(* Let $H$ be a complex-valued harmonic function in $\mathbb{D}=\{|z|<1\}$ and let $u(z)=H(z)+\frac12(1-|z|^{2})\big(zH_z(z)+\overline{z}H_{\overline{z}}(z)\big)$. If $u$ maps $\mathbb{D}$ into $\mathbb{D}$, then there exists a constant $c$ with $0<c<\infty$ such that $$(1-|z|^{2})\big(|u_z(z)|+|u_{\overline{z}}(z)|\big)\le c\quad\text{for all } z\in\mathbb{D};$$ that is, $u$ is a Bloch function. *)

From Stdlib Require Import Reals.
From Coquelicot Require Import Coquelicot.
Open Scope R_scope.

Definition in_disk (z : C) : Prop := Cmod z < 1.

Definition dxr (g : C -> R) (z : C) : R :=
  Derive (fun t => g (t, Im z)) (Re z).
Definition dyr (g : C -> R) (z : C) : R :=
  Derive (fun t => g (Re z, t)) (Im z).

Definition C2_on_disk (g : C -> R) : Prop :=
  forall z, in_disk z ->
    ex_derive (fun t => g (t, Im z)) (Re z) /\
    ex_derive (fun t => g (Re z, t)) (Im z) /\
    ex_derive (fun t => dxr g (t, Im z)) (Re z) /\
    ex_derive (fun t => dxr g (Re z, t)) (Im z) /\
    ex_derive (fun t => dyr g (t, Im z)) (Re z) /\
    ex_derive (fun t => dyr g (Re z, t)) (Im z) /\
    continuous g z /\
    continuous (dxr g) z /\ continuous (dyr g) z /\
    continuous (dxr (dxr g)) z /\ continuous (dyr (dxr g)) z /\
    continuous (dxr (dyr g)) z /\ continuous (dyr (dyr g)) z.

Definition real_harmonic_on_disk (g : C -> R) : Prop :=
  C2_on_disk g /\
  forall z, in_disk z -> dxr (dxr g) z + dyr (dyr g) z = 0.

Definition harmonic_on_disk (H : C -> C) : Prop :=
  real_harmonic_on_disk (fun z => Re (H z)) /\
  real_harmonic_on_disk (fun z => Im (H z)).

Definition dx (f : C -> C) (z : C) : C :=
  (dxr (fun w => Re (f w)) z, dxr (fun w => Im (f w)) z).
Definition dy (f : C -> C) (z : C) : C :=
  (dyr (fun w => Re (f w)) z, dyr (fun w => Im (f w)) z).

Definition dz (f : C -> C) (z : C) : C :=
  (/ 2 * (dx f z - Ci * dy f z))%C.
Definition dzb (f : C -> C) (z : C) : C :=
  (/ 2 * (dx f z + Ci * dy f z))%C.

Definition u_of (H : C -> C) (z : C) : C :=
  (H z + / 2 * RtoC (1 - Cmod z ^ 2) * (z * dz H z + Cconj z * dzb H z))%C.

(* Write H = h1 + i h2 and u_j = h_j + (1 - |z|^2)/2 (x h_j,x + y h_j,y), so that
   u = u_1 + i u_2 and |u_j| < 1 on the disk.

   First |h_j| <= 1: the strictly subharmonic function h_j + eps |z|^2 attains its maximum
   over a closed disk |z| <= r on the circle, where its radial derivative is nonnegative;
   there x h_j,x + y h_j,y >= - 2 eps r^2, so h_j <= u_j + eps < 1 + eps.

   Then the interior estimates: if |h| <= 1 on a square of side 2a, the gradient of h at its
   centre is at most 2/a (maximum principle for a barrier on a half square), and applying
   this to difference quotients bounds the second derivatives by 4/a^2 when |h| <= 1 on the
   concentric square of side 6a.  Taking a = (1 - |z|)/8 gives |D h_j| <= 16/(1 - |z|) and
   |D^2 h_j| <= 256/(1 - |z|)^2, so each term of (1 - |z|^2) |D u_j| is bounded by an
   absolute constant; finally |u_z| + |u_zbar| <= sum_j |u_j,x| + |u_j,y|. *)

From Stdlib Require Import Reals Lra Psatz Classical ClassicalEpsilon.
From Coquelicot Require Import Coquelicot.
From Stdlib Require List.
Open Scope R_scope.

---

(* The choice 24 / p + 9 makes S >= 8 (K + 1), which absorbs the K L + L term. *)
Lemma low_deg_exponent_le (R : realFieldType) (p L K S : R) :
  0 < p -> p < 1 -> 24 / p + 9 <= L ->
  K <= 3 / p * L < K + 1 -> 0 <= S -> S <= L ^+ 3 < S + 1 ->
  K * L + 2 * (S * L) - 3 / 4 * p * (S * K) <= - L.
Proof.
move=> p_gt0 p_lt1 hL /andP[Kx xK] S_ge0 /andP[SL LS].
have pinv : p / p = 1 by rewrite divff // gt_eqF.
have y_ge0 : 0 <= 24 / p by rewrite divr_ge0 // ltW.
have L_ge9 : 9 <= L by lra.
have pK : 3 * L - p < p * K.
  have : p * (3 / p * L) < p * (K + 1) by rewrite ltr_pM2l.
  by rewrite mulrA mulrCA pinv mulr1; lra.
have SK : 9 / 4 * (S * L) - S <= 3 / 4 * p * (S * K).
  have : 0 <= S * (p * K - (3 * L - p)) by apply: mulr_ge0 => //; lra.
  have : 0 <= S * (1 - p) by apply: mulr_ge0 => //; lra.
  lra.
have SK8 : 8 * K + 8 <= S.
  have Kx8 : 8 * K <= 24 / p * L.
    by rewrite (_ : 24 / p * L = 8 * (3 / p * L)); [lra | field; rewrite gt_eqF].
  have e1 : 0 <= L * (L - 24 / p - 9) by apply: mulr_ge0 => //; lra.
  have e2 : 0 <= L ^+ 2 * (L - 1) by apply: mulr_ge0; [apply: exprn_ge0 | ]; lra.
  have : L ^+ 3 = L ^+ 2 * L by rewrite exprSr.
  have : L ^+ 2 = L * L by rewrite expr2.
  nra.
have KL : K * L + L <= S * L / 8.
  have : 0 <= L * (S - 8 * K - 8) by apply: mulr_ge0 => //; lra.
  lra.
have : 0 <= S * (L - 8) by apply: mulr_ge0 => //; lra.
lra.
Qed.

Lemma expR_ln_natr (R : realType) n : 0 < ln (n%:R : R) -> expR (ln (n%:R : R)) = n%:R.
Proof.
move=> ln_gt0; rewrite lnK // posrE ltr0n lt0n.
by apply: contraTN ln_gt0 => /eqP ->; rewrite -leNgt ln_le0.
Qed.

> _How to complete this task_
Determine how many lines of the listing above contain the string "forall", and answer with that figure alone.

> _Exercise solution_
2